We must be thankful that amongst a raft of shameful vaping scaremongering, we have experienced and knowledgeable medical experts such as John Britton providing evidence-based responses to unwarranted attacks on an industry that is already saving millions of lives.
Before we get to the latest scare story, we will start by sharing an extract from John Britton’s response. Professor John Britton is the Director of the UK Centre for Tobacco & Alcohol Studies (UKCTAS) and has long advocated the clear benefits of vaping over smoking. He said:
So I’m afraid I think it is these authors who have it wrong. They are so opposed to nicotine dependency in any form that they are risking the lives of smokers who would benefit by switching completely to e-cigarettes. There is nothing in this new paper that should change advice to smokers. If you smoke, switch. If you don’t smoke, don’t vape. And just as you wouldn’t buy unlicensed alcoholic drinks, don’t vape cannabis or other bootleg products.
We are all too familiar with unreliable conclusions being drawn from studies. From heart implications to youth uptake, the anti-vaping mob are relentless with their sensationalism. In almost all cases, the headlines do not tell the full story.
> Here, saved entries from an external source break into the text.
(* f has a double root in P^1 over some extension field L of F:
   a nonzero linear form b x - a y over L divides f at least twice in L[x,y].
   0 is regarded as having a double root (convention of the paper). *)
Definition has_double_root (F : fieldType) (d : nat) (c : {ffun 'I_d.+1 -> F})
  : Prop :=
  binform c = 0 \/
  exists (L : fieldType) (iota : {rmorphism F -> L}) (a b : L),
    (a, b) != (0, 0) /\
    exists g : {mpoly L[2]},
      map_mpoly iota (binform c) = (b *: 'X_0 - a *: 'X_1) ^+ 2 * g.

Definition Bd (F : finFieldType) (d : nat) : {set {ffun 'I_d.+1 -> F}} :=
  [set c | `[< has_double_root c >]].

From HB Require Import structures.
From mathcomp Require Import all_boot all_order all_algebra all_field.
From mathcomp Require Import mpoly.
From mathcomp Require Import boolp zify.

(* Write a form of degree d as f(x, y) = y^d P(x/y). Then f has a double root
   exactly when deg P <= d - 2 (a double root at infinity) or P is not
   separable, and over the perfect field F_q separable means square-free.
   Every monic polynomial is uniquely a^2 b with a, b monic and b square-free,
   so q^n = sum_k q^k s(n - 2k), where s(m) counts the monic square-free
   polynomials of degree m; comparing n with n + 2 gives
   s(m) = q^m - q^(m-1) for m >= 2. The forms without a double root are the
   (q - 1)(s(d) + s(d-1)) = q^(d+1) - q^d - q^(d-1) + q^(d-2) forms with
   P square-free of degree d or d - 1, and B_d is their complement. *)

Set Implicit Arguments. Unset Strict Implicit. Unset Printing Implicit Defensive.
Import GRing.Theory.
Local Open Scope ring_scope.
(* For every $n > 3$, the set $\{d_n\}$ is not equidistributed.
   Context: A linear arrangement of $\{1,\ldots,n\}$ is a sequence $a_1\cdots a_n$ in which each of $1,\ldots,n$ appears exactly once. It contains the pattern $ij$ if $a_t=i$ and $a_{t+1}=j$ for some $t$; otherwise it avoids it. $\{d_n\}$ is the set of linear arrangements of $\{1,\ldots,n\}$ avoiding all of the patterns $12, 23, \ldots, (n-1)n$. For a set $X$ of linear arrangements of $\{1,\ldots,n\}$ and $i\in\{1,\ldots,n\}$, the class $X^{(i)}$ is the set of arrangements in $X$ whose first entry is $i$. $X$ is called equidistributed if it is partitioned into its nonempty classes and all nonempty classes $X^{(i)}$ have the same cardinality. *)

(* Linear arrangements of {1,...,n} are represented as
   sequences of naturals that are permutations of [:: 1; 2; ...; n]. *)
From mathcomp Require Import all_boot.
Set Implicit Arguments. Unset Strict Implicit. Unset Printing Implicit Defensive.

Definition arrangement (n : nat) (s : seq nat) : bool := perm_eq s (iota 1 n).

Definition contains_pat (s : seq nat) (i j : nat) : bool :=
  has (fun t => (nth 0 s t == i) && (nth 0 s t.+1 == j)) (iota 0 (size s).-1).

Definition avoids_succ (n : nat) (s : seq nat) : bool :=
  all (fun i => ~~ contains_pat s i i.+1) (iota 1 n.-1).

(* The set {d_n}, as a duplicate-free list of all such arrangements. *)
Definition dset (n : nat) : seq (seq nat) :=
  [seq s <- permutations (iota 1 n) | avoids_succ n s].

Definition cls (X : seq (seq nat)) (i : nat) : seq (seq nat) :=
  [seq s <- X | head 0 s == i].

Definition equidistributed (n : nat) (X : seq (seq nat)) : Prop :=
  forall i j, 1 <= i <= n -> 1 <= j <= n ->
    size (cls X i) != 0 -> size (cls X j) != 0 ->
    size (cls X i) = size (cls X j).

(* The classes d_n^(1) and d_n^(n) have different sizes.  Relabelling by the
   cyclic permutation 1 -> n, i -> i - 1 maps an arrangement 1 a_2 ... a_n of
   d_n^(1) injectively to n (a_2 - 1) ... (a_n - 1), which is again in {d_n}:
   the only new adjacent pair is (n, a_2 - 1), and a_2 <= n.  The image never
   has 1 in second position, since a_2 = 2 is forbidden; but for n > 3 the
   arrangement n 1 (n-1) (n-2) ... 2 lies in d_n^(n).  Hence
   |d_n^(1)| < |d_n^(n)|, while d_n^(1) contains 1 n (n-1) ... 2. *)

From mathcomp Require Import all_boot zify.

Set Implicit Arguments.
Unset Strict Implicit.
Unset Printing Implicit Defensive.

Definition succ_free (s : seq nat) : bool := sorted (fun a b => b != a.+1) s.

Lemma iotaS m k : iota m.+1 k = map succn (iota m k).
Proof. by rewrite -add1n iotaDl. Qed.

Lemma contains_pat_cons a b t i j :
  contains_pat [:: a, b & t] i j = (a == i) && (b == j) || contains_pat (b :: t) i j.
Proof. by rewrite /contains_pat /= iotaS has_map. Qed.

Lemma avoids_succ_cons n a b t :
  avoids_succ n [:: a, b & t] =
  all (fun i => (a != i) || (b != i.+1)) (iota 1 n.-1) && avoids_succ n (b :: t).
Proof.
rewrite /avoids_succ -all_predI; apply: eq_all => i /=.
by rewrite contains_pat_cons negb_or negb_and.
Qed.

Lemma avoids_succE n s : all (mem (iota 1 n)) s -> avoids_succ n s = succ_free s.
Proof.
elim: s => [|a [|b t] IH] /=; try by move=> _; apply/allP.
rewrite !mem_iota => /and3P[an bn tn].
rewrite avoids_succ_cons IH /= ?mem_iota ?bn //; congr andb.
apply/allP/idP => [noab | neq i _].
  have [an' | na] := ltnP a n; last by apply/eqP; lia.
  by have := noab a; rewrite mem_iota eqxx /=; apply; lia.
by case: (a =P i) => //= <-.
Qed.

Lemma cls_head X i s : s \in cls X i -> head 0 s = i.
Proof. by rewrite mem_filter => /andP[/eqP]. Qed.

Lemma mem_cls_dset n i s :
  (s \in cls (dset n) i) = [&& head 0 s == i, perm_eq s (iota 1 n) & succ_free s].
Proof.
rewrite /cls /dset !mem_filter mem_permutations [avoids_succ _ _ && _]andbC.
congr andb; case sP: (perm_eq s _); last by [].
by rewrite avoids_succE // (perm_all _ sP) allss.
Qed.

Lemma mem_cls1_dset n t :
  (1 :: t \in cls (dset n.+1) 1) = perm_eq t (iota 2 n) && succ_free (1 :: t).
Proof. by rewrite mem_cls_dset /= perm_cons. Qed.

Lemma uniq_cls_dset n i : uniq (cls (dset n) i).
Proof. by rewrite !filter_uniq ?permutations_uniq. Qed.

Lemma succ_free_map_pred t : all (fun x => 0 < x) t -> succ_free (map predn t) = succ_free t.
Proof.
move=> t0; rewrite /succ_free sorted_map; apply: (eq_in_sorted (P := fun x => 0 < x)) => //.
by move=> x y /= x0 y0; lia.
Qed.

(* The default [head 0 [::] = 0] is never a successor. *)
Lemma succ_free_cons x t : succ_free (x :: t) = (head 0 t != x.+1) && succ_free t.
Proof. by case: t. Qed.

Lemma map_pred_iota m k : map predn (iota m.+1 k) = iota m k.
Proof. by rewrite iotaS -map_comp map_id. Qed.

Lemma iota_rcons m k : iota m k.+1 = rcons (iota m k) (m + k).
Proof. by rewrite -addn1 iotaD cats1. Qed.

Lemma rev_iotaS m k : rev (iota m k.+1) = m + k :: rev (iota m k).
Proof. by rewrite iota_rcons rev_rcons. Qed.

Lemma succ_free_rev_iota a k : succ_free (rev (iota a k)).
Proof.
rewrite /succ_free rev_sorted; apply: sub_sorted (iota_ltn_sorted a k) => x y /=; lia.
Qed.

Lemma cls1_dsetP n s :
  s \in cls (dset n.+1) 1 -> exists2 t, s = 1 :: t & perm_eq t (iota 2 n) && succ_free (1 :: t).
Proof.
case: s => [|a t] sA; move: (cls_head sA) => //= a1; subst a.
by exists t; rewrite -?mem_cls1_dset.
Qed.

Lemma inj_in_size_lt (T U : eqType) (f : T -> U) (A : seq T) (B : seq U) y :
    uniq A -> {in A &, injective f} -> {in A, forall x, f x \in B} ->
  y \in B -> y \notin map f A -> size A < size B.
Proof.
move=> uA injf fAB yB yA; rewrite -(size_map f) -/(size (y :: _)).
apply: uniq_leq_size; first by rewrite /= yA map_inj_in_uniq.
by move=> x; rewrite inE => /predU1P[-> // | /mapP[a aA ->]]; apply: fAB.
Qed.

Definition cyclic_relabel n (s : seq nat) : seq nat := n :: map predn (behead s).

Section ClassOneToClassLast.

Variable n : nat.

Let A := cls (dset n.+1) 1.
Let B := cls (dset n.+1) n.+1.

Lemma perm_iota2_range t : perm_eq t (iota 2 n) -> all (fun x => 1 < x <= n.+1) t.
Proof. by move/perm_all->; apply/allP => x; rewrite mem_iota; lia. Qed.

Lemma cyclic_relabel_cls1 : {in A, forall s, cyclic_relabel n.+1 s \in B}.
Proof.
move=> _ /cls1_dsetP[t -> /andP[tP tfree]].
have /allP t_range := perm_iota2_range tP.
rewrite mem_cls_dset eqxx andTb; apply/andP; split.
  rewrite iota_rcons add1n /cyclic_relabel /= perm_sym perm_rcons perm_cons.
  by rewrite -map_pred_iota perm_map // perm_sym.
rewrite /cyclic_relabel [behead _]/= succ_free_cons succ_free_map_pred; last first.
  by apply/allP => x /t_range; lia.
rewrite (path_sorted tfree : succ_free t) andbT.
by case: t t_range {tP tfree} => //= c t /(_ c (mem_head c t)); lia.
Qed.

Lemma cyclic_relabel_inj : {in A &, injective (cyclic_relabel n.+1)}.
Proof.
move=> _ _ /cls1_dsetP[t1 -> /andP[t1P _]] /cls1_dsetP[t2 -> /andP[t2P _]] [].
move/(inj_in_map (A := [pred x | 0 < x])) => -> //.
- by move=> x y; rewrite !inE; lia.
- by rewrite inE; apply: sub_all (perm_iota2_range t1P) => x; rewrite inE; lia.
- by rewrite inE; apply: sub_all (perm_iota2_range t2P) => x; rewrite inE; lia.
Qed.

Lemma notin_cyclic_relabel_cls1 u : nth 0 u 1 = 1 -> u \notin map (cyclic_relabel n.+1) A.
Proof.
move=> u1; apply/mapP => -[_ /cls1_dsetP[t -> /andP[tP tfree]] uE].
move: u1 tfree (perm_iota2_range tP); rewrite {}uE {tP}.
by case: t => //= c t c1 /andP[c2 _] /andP[/andP[c_gt1 _] _]; lia.
Qed.

Lemma rev_iota_cls1 : 1 < n -> 1 :: rev (iota 2 n) \in A.
Proof.
move=> n_gt1; rewrite mem_cls1_dset perm_rev perm_refl succ_free_cons succ_free_rev_iota.
have [k nk] : exists k, n = k.+1 by exists n.-1; lia.
by rewrite nk rev_iotaS /= andbT; apply/eqP; lia.
Qed.

Lemma rev_iota_clsn : 2 < n -> n.+1 :: 1 :: rev (iota 2 n.-1) \in B.
Proof.
move=> n_gt2; have [k nk] : exists k, n = k.+2 by exists n.-2; lia.
rewrite mem_cls_dset eqxx (iota_rcons 1) add1n perm_sym perm_rcons perm_cons.
have -> : iota 1 n = 1 :: iota 2 n.-1 by rewrite nk.
rewrite perm_cons perm_sym perm_rev perm_refl !succ_free_cons succ_free_rev_iota.
by rewrite nk rev_iotaS /= andbT; apply/eqP; lia.
Qed.

End ClassOneToClassLast.

Theorem proposition4p11 (n : nat) : 3 < n -> ~ equidistributed n (dset n).
Proof.
case: n => [//|m m_gt2 equi].
set A := cls (dset m.+1) 1; set B := cls (dset m.+1) m.+1.
have A_lt_B : size A < size B.
  apply: (inj_in_size_lt (uniq_cls_dset _ _) (@cyclic_relabel_inj m)).
  - exact: cyclic_relabel_cls1.
  - exact: rev_iota_clsn.
  - exact: notin_cyclic_relabel_cls1.
have A_ne0 : size A != 0.
  by apply: contraTneq (rev_iota_cls1 (ltnW m_gt2)); rewrite -/A => /size0nil ->.
have B_ne0 : size B != 0 by rewrite -lt0n (leq_ltn_trans _ A_lt_B).
have A_eq_B : size A = size B by apply: equi; rewrite ?leqnn.
by rewrite A_eq_B ltnn in A_lt_B.
Qed.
In fact, in the vast majority they tell a completely different story to what has actually happened.
Although most of the vapers reading this will probably already know that the article in question will relate to a misleading headline with little science behind it, we will let you know what the brains behind it came up with anyway… This way the next person who sees you vaping and says “those things are worse than smoking, you know?” you will be even better equipped to set the story straight.
“Lung scarring caused by cobalt”, despite no cobalt particles being found in lung samples
The latest story relates to a person who was using an e-cigarette to vape cannabis oil. First of all, e-cigarettes are not intended to be used to vape this product. To blame e-cigarettes for damage caused by incorrect use is simply unfair. It’s like blaming the cutlery industry for the recent rise in knife crime.
The report published in the European Respiratory Journal was exploring a scarring on the person in question’s lungs. According to the researchers this type of scarring is usually associated with exposure to hard metals such as cobalt. The authors of the study therefore connected the two and assumed that cobalt inhalation was the cause of the illness.
You would think that the authors found cobalt particles in the lung samples they took, to come up with such a conclusion. This was not the case, there was no evidence of cobalt particles in the lung samples, as John Britton picked up on.
Accompanying the unqualified conclusions was a particularly concerning commentary within the ERJ paper. The authors put forward seven of statements lambasting vaping. These claims not only failed to be based on evidence, but actually went against what current evidence tells us.
Professor John Britton comprehensively dismissed all seven claims in an article for the Science Media Centre.
Professor John Britton provides an official response
They argue that conventional quitting methods are effective – yet millions of people continue to smoke despite easy access to those methods. Vaping offers another way out, far less dangerous than smoking, and complementing – not replacing – conventional approaches.
They argue that there is no evidence that vaping is an effective cessation aid. This is false. A high quality, peer-reviewed randomised trial earlier this year showed convincingly that ecigs are twice as effective as conventional nicotine replacement therapies.
They argue that the tobacco harm reduction strategy is based on undocumented assumptions that alternative nicotine delivery products are generally harmless. But they are wrong. No credible scientist argues that vaping is 100% safe – just that it is far less harmful than smoking.
They argue that e-cigarette use is likely to increase the likelihood of smoking initiation. Not only is there no evidence for this claim, but UK smoking rates continue to fall rapidly in both adults and children. If vaping led to smoking, we would see that pattern being reversed – and it is not. There is no evidence that vaping is driving smoking prevalence up in other parts of the world either.
They argue that smokers see vaping as a viable alternative to the use of evidence-based smoking cessation services and smoking cessation pharmacotherapy. That’s true, but it is a good thing. Vaping enables smokers to quit for good. It’s helping smokers, not harming them.
They argue that the EU the tobacco harm reduction strategy is based on incorrect claims that we cannot curb the tobacco epidemic, and that many effective strategies exist to reduce smoking at a population level. If that is true however, why does the EU still have 100 million smokers? It’s not that other policies don’t work – it’s just completely illogical to exclude this new one.
It is unfortunate that this sort of response is ever required, but a relief that robust rebuttals are so commonly made. News stories are very commonly twisted in a way which is damaging to the vaping industry, but ultimately and more importantly to public health. We should all be grateful for the support that leading UK scientists and health professionals are providing. They know as well as we do that there is never a time when it is better to smoke than to vape.